In this multi-site trial, we will use a randomized, double-blind, placebo-controlled study design to test whether 300 mg of Nicotinamide Riboside (NR) can achieve the primary objective of increasing plasma NAD+ levels in participants with Gulf War Illness (GWI).

Description:

The 1991 Gulf War (GW) was fought by a coalition of 30 countries that included 700,000 U.S. troops. Although the war itself lasted two months, adverse health consequences from this conflict are still experienced by GW veterans. Soon after their return, many soldiers started reporting multiple, seemingly unrelated symptoms, such as memory impairment, fatigue, gastrointestinal problems, and widespread pain. This illness, termed Gulf War Illness (GWI), affects about 32% of GW veterans. Several preclinical studies suggest the presence of bioenergetic deficits in the blood and brains of veterans with GWI, as well as in the mouse models of this illness. The investigators' recent work shows that plasma levels of bioenergetic metabolites, such as nicotinamide adenine dinucleotide (NAD+), are lower in veterans with GWI compared to healthy GW controls. This corresponds with low Sirt1 levels in the peripheral blood mononuclear cells (PBMC) from veterans with GWI. Given the importance of NAD+ in cellular bioenergetics, various approaches have been explored for supplementing NAD+. Among these, supplementation with the NAD+ precursor nicotinamide riboside (NR) appears to be a viable option, since this form of NAD+ can enter the cell and cross the blood-brain-barrier. The investigators' recent animal studies show that supplementation with NR, a member of the vitamin B3 family, can correct the bioenergetic deficits in GWI mice, which corresponds with an improvement in fatigue-type behavior that is commonly reported by veterans with GWI. The main objective of this project is to determine, through the use of metabolomics and biochemical assays, if NR supplementation can maintain a healthy bioenergetic profile in the blood of veterans with GWI. The secondary objective is to determine if NR can maintain healthy blood lipid and immune biomarker profiles in GWI veterans.

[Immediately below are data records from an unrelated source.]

Theorem search : forall F H C,
  incl F U -> incl H U -> (forall X, In X H -> deletable C X) ->
  ~ provable (fill C (map IF F)) ->
  exists S, saturated H S /\ covers S (map IF F).
Proof.
  intros F H C. remember (length (boxes U) - blocked_count (H ++ dias (map IF F))) as m eqn:Em.
  revert F H C Em. induction m as [m IH] using lt_wf_ind.
  intros F H C Em HF HH Hdel Hn.
  destruct (prop_saturate C H HH Hdel F HF Hn) as [F1 [[Hn1 [HF1 [Hcov1 Hdias1]]] Hsat1]].
  set (H1 := H ++ dias (map IF F1)).
  assert (Hchild : forall B, In B (boxes F1) ->
                   exists D, saturated H1 D /\ covers D (map IF (box_bracket B))).
  { intros B HB. apply in_boxes, in_split in HB as [L1 [L2 EF1]].
    set (C' := bracket_ctx C (map IF (L1 ++ L2))).
    assert (HBU : In (Box B) U) by (apply HF1; rewrite EF1; apply in_elt).
    assert (Hopen : ~ provable (fill C' (map IF (box_bracket B))))
      by (apply box_child_open; rewrite <- EF1; exact Hn1).
    assert (Hdel' : forall X, In X H1 -> deletable C' X)
      by (intros X HX; apply (box_child_deletable C H L1 L2 B X Hdel); rewrite <- EF1; exact HX).
    assert (Hfresh : ~ In (neg B) H1) by (intro HnB; apply Hopen, box_bracket_provable, Hdel', HnB).
    assert (Hlt := blocked_measure_lt (H ++ dias (map IF F)) H1 B
                     (incl_app_app (incl_refl H) Hdias1) HBU Hfresh).
    rewrite <- Em in Hlt.
    apply (IH _ Hlt (box_bracket B) H1 C' eq_refl); [| | exact Hdel' | exact Hopen].
    - pose proof (HU _ HBU) as [HB HDB]. intros X [<-|[<-|[]]]; assumption.
    - apply incl_app; [exact HH | apply dias_in_U, HF1]. }
  destruct (list_witnesses _ _ _ Hchild) as [Ds [HDs HBs]].
  exists (map IF F1 ++ map IB Ds). split.
  - apply saturated_node; [exact Hsat1 | | exact HDs |].
    + intros p HP HN. exact (Hn1 (clash_provable C F1 p HP HN)).
    + intros B HB. apply HBs, in_boxes, HB.
  - intros X HX. apply covers_incl with (S' := map IF F1);
      [apply incl_appl, incl_refl | apply Hcov1, HX].
Qed.

End Search.

(** * Completeness *)

Fixpoint subformulas (A : form) : list form :=
  A :: match A with
       | And B C | Or B C => subformulas B ++ subformulas C
       | Box B | Dia B => subformulas B
       | _ => []
       end.

Lemma subformulas_refl A : In A (subformulas A).
Proof. destruct A; cbn; auto. Qed.

Lemma subformulas_trans A X Y :
  In X (subformulas A) -> In Y (subformulas X) -> In Y (subformulas A).
Proof.
  induction A; cbn; intros [<-|HX] HY; auto; try contradiction; right;
    try (apply in_app_or in HX as [HX|HX]; apply in_or_app; [left|right]); eauto.
Qed.

Lemma subformula_closed_subformulas A0 :
  subformula_closed (subformulas A0 ++ map neg (subformulas A0)).
Proof.
  set (U := subformulas A0 ++ map neg (subformulas A0)).
  assert (HS : forall X, In X (subformulas A0) ->
               forall Y, In Y (subformulas X) -> In Y U /\ In (neg Y) U).
  { intros X HX Y HY. pose proof (subformulas_trans _ _ _ HX HY).
    split; apply in_or_app; [left; assumption | right; apply in_map; assumption]. }
  intros X HX. apply in_app_or in HX as [HX|HX].
  - pose proof (HS _ HX) as HSX. destruct X; cbn in HSX |- *; auto.
    1, 2: split; apply HSX; right; apply in_or_app; [left|right]; apply subformulas_refl.
    + split; [apply HSX; right; apply subformulas_refl | apply (HSX (Box X)); left; reflexivity].
    + apply HSX; right; apply subformulas_refl.
  - apply in_map_iff in HX as [Z [<- HZ]]. pose proof (HS _ HZ) as HSZ.
    destruct Z; cbn in HSZ |- *; auto.
    1, 2: split; apply HSZ; right; apply in_or_app; [left|right]; apply subformulas_refl.
    + apply HSZ; right; apply subformulas_refl.
    + rewrite neg_involutive.
      split; [apply HSZ; right; apply subformulas_refl | apply (HSZ (Dia Z)); left; reflexivity].
Qed.

Theorem provable_complete A : GLthm (tr A) -> provable [IF A].
Proof.
  intro HA. apply NNPP. intro Hn.
  destruct (search _ (subformula_closed_subformulas A) [A] [] (Hole [])) as [S [HS Hcov]].
  - intros X [<-|[]]. apply in_or_app; left; apply subformulas_refl.
  - intros X [].
  - intros X [].
  - exact Hn.
  - apply (saturated_refutes A [] S HS);
      [apply Hcov, covered_in; left; reflexivity | apply GL_valid, HA].
Qed.

Theorem mainTheorem1 : forall A : form, GLthm (tr A) <-> provable [IF A].
Proof.
  intro A. split; [apply provable_complete|].
  intro HA. eapply GL_mp_taut; [apply provable_sound, HA | taut].
Qed.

The study will also explore whether NR can improve general health and well-being of veterans with GWI.

Recruitment information / eligibility

• Status: Recruiting
• Enrollment: 52
• Est. completion date: February 15, 2025
• Est. primary completion date: February 15, 2025
• Accepts healthy volunteers: No
• Gender: All
• Age group: 47 Years to 70 Years

Eligibility

Inclusion Criteria:

• Both sexes, all ethnic groups, and ages 47 to 70 years.

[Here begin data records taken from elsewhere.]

(* Let $(\sigma_k)_{k>0}$ be real numbers with $\sigma_k/\ln(k)\to\infty$ as $k\to\infty$, and let $\gamma>0$. Then $$\lim_{k\to\infty}k\int_{\sigma_k}^\infty\exp\Bigl(-2m\Bigl(\gamma-\sqrt{\tfrac{\ln(k)}{m}}\Bigr)^2\Bigr)\,\mathrm dm=0.$$ *)

From HB Require Import structures.
From mathcomp Require Import all_boot all_order all_algebra.
From mathcomp Require Import all_classical all_reals all_analysis.

From HB Require Import structures.
From mathcomp Require Import all_boot all_order all_algebra.
From mathcomp Require Import all_classical all_reals all_analysis.
From mathcomp Require Import lra.
Import Order.TTheory GRing.Theory Num.Theory.
Import numFieldTopology.Exports.
Local Open Scope classical_set_scope.
Local Open Scope ring_scope.

(* Once [m >= sigma_k >= 4 ln k / gamma^2] we have [sqrt (ln k / m) <= gamma / 2],
   so the integrand is at most [exp (- gamma^2 m / 2)].  The tail integral of this
   exponential is [2 exp (- gamma^2 sigma_k / 2) / gamma^2 <= 2 / (gamma^2 k^2)],
   hence [k] times the integral is [O(1/k)]. *)

Lemma ge0_le_integral_nonmeasurable d (T : measurableType d) (R : realType)
    (mu : {measure set T -> \bar R}) (D : set T) (f g : T -> \bar R) :
  (forall x, D x -> (0 <= f x)%E) -> (forall x, D x -> (f x <= g x)%E) ->
  (\int[mu]_(x in D) f x <= \int[mu]_(x in D) g x)%E.
Proof.
move=> f_ge0 fg.
have g_ge0 x : D x -> (0 <= g x)%E by move=> Dx; exact: le_trans (f_ge0 x Dx) (fg x Dx).
rewrite (ge0_integralE _ f_ge0) (ge0_integralE _ g_ge0).
apply: ereal_sup_le => _ [h hf <-]; exists h => // x.
apply: le_trans (hf x) _.
by rewrite /patch; case: ifPn => // /set_mem; exact: fg.
Qed.

Lemma sqr_subr_sqrt_ge (R : rcfType) (g x : R) : 0 <= g -> 0 <= x -> 4 * x <= g ^+ 2 ->
  g ^+ 2 / 4 <= (g - Num.sqrt x) ^+ 2.
Proof.
move=> g_ge0 x_ge0 xg.
have s_ge0 := sqrtr_ge0 x.
have sx : Num.sqrt x ^+ 2 = x by rewrite sqr_sqrtr.
have s_le : Num.sqrt x <= g / 2 by nra.
nra.
Qed.

Section gaussian_tail.
Variable R : realType.
Notation mu := (@lebesgue_measure R).

Lemma integral_itvcy_expRNM (c a : R) : 0 < c ->
  (\int[mu]_(x in `[a, +oo[) (expR (- (c * x)))%:E = (expR (- (c * a)) / c)%:E)%E.
Proof.
move=> c_gt0.
have cont_exp : continuous (fun x : R => expR (- (c * x))).
  move=> x; apply: continuous_comp; last exact: continuous_expR.
  by apply: (@continuousN _ R^o); apply: continuousM => //; exact: cst_continuous.
pose F x : R := - expR (- (c * x)) / c.
have cont_F : continuous F.
  move=> x; apply: (@continuousM _ R^o (fun x => - expR (- (c * x))) (fun=> c^-1)).
    by apply: (@continuousN _ R^o); exact: cont_exp.
  exact: cst_continuous.
rewrite (@ge0_continuous_FTC2y _ _ F a 0).
- by rewrite -EFinB sub0r /F mulNr opprK.
- by move=> x _; exact: expR_ge0.
- exact: continuous_subspaceT.
- rewrite -[0](mul0r c^-1) -oppr0; apply: cvgMr_tmp; apply: cvgN.
  apply: (cvg_comp (fun x => c * x) (fun x => expR (- x)) (G := pinfty_nbhs R)).
    exact: gt0_cvgMry.
  exact: cvgr_expR.
- by move=> x _; exact: ex_derive.
- by apply/cvg_at_right_filter; exact: cont_F.
- move=> x _; rewrite derive1E derive_val scaler0 add0r mulrN opprK.
  by rewrite /GRing.scale /= mulr1 mulrCA mulVf ?gt_eqF// mulr1.
Qed.

Lemma expR_gap_le (g L m : R) : 0 < g -> 0 <= L -> 0 < m -> 4 * L <= g ^+ 2 * m ->
  expR (- (2 * m * (g - Num.sqrt (L / m)) ^+ 2)) <= expR (- (g ^+ 2 / 2 * m)).
Proof.
move=> g_gt0 L_ge0 m_gt0 Lm.
have gap : g ^+ 2 / 4 <= (g - Num.sqrt (L / m)) ^+ 2.
  apply: sqr_subr_sqrt_ge; first exact: ltW.
    by rewrite divr_ge0// ltW.
  by rewrite mulrA ler_pdivrMr// mulrC.
rewrite ler_expR lerN2; nra.
Qed.

Lemma mulr_expRN_le_inv (x t : R) : 0 < x -> 2 * ln x <= t -> x * expR (- t) <= x^-1.
Proof.
move=> x_gt0 lnx_t.
have xE : x = expR (ln x) by rewrite lnK.
by rewrite {1}xE -expRD {2}xE -expRN ler_expR; lra.
Qed.

Lemma mulr_integral_gap_le (g s x : R) : 0 < g -> 1 < x -> 4 * ln x <= g ^+ 2 * s ->
  (x%:E * \int[mu]_(m in `[s, +oo[) (expR (- (2 * m * (g - Num.sqrt (ln x / m)) ^+ 2)))%:E
    <= ((g ^+ 2 / 2)^-1 * x^-1)%:E)%E.
Proof.
move=> g_gt0 x_gt1 lnx_s.
set c := g ^+ 2 / 2.
have g2_gt0 : 0 < g ^+ 2 by exact: exprn_gt0.
have c_gt0 : 0 < c by rewrite divr_gt0.
have x_gt0 : 0 < x by exact: lt_trans x_gt1.
have lnx_gt0 : 0 < ln x by exact: ln_gt0.
have s_gt0 : 0 < s by rewrite -(pmulr_rgt0 _ g2_gt0); apply: lt_le_trans lnx_s; lra.
apply: (@le_trans _ _ (x%:E * (expR (- (c * s)) / c)%:E)%E).
  apply: lee_wpmul2l; first by rewrite lee_fin ltW.
  rewrite -integral_itvcy_expRNM//.
  apply: ge0_le_integral_nonmeasurable => m; first by rewrite lee_fin expR_ge0.
  rewrite /= in_itv /= andbT => s_le_m.
  rewrite lee_fin; apply: expR_gap_le => //.
  - exact: ltW.
  - exact: lt_le_trans s_le_m.
  - by apply: le_trans lnx_s _; rewrite ler_wpM2l// ltW.
rewrite -EFinM lee_fin mulrA mulrC; apply: ler_wpM2l; first by rewrite invr_ge0 ltW.
by apply: mulr_expRN_le_inv => //; rewrite /c; lra.
Qed.

End gaussian_tail.

Theorem lemmaC4 (R : realType) (sigma : nat -> R) (gamma : R)
  (hsigma : (fun k : nat => sigma k / ln (k%:R : R)) @ \oo --> +oo)
  (hgamma : 0 < gamma) :
  (fun k : nat => ((k%:R : R)%:E *
     \int[@lebesgue_measure R]_(m in `[sigma k, +oo[)
        (expR (- (2 * m * (gamma - Num.sqrt (ln (k%:R : R) / m)) ^+ 2)))%:E)%E)
  @ \oo --> 0%E.
Proof.
have g2_gt0 : 0 < gamma ^+ 2 by exact: exprn_gt0.
apply: (@squeeze_cvge _ _ _ _ (fun=> 0%E) _
  (fun k => ((gamma ^+ 2 / 2)^-1 * (k%:R : R)^-1)%:E)); last 2 first.
- exact: cvg_cst.
- apply: cvg_EFin; first exact: nearW.
  rewrite -[0](mulr0 (gamma ^+ 2 / 2)^-1); apply: cvgMl_tmp.
  by rewrite gtr0_cvgV0; [exact: cvgr_idn | near do rewrite ltr0n].
have /cvgryPge sigma_large := hsigma.
near=> k.
have k_gt1 : 1 < (k%:R : R) by rewrite ltr1n; near: k; exists 2%N.
have lnk_gt0 : 0 < ln (k%:R : R) by exact: ln_gt0.
have sigma_k : 4 * ln (k%:R : R) <= gamma ^+ 2 * sigma k.
  have : 4 / gamma ^+ 2 <= sigma k / ln (k%:R : R) by near: k; exact: sigma_large.
  by rewrite ler_pdivrMr// mulrAC ler_pdivlMr// [sigma k * _]mulrC.
apply/andP; split; last exact: mulr_integral_gap_le.
rewrite mule_ge0 ?lee_fin//.
by apply: integral_ge0 => m _; rewrite lee_fin expR_ge0.
Unshelve. all: by end_near.
Qed.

• Subject willing and able to give informed consent.

• Medically stable as per the investigator's discretion.

• Negative urine pregnancy test for females of childbearing potential. A woman is considered of childbearing potential unless she is surgically sterile (hysterectomy or tubal ligation) or is postmenopausal (no menstrual cycle for 2 years or more).

• If female of childbearing potential, must be willing to use adequate birth control during the study and for 30 days after the last dose. Females agreeing to take an acceptable form of birth control per investigator discretion (where relevant). Females must prevent pregnancy or otherwise be unable to conceive.

• Veterans deployed to the Gulf War between August 1990 and August 1991.

• Veteran meets criteria for the CDC Chronic Multisymptom Illness (CMI) GWI definition or Kansas GWI definition.

• Weight of 50.0kg - 200.0kg (110 lbs. - 440 lbs.).

Exclusion Criteria:

• Diagnosed by a physician with medical or psychiatric conditions that would account for their symptoms or interfere with their ability to report their symptoms, as per investigator discretion.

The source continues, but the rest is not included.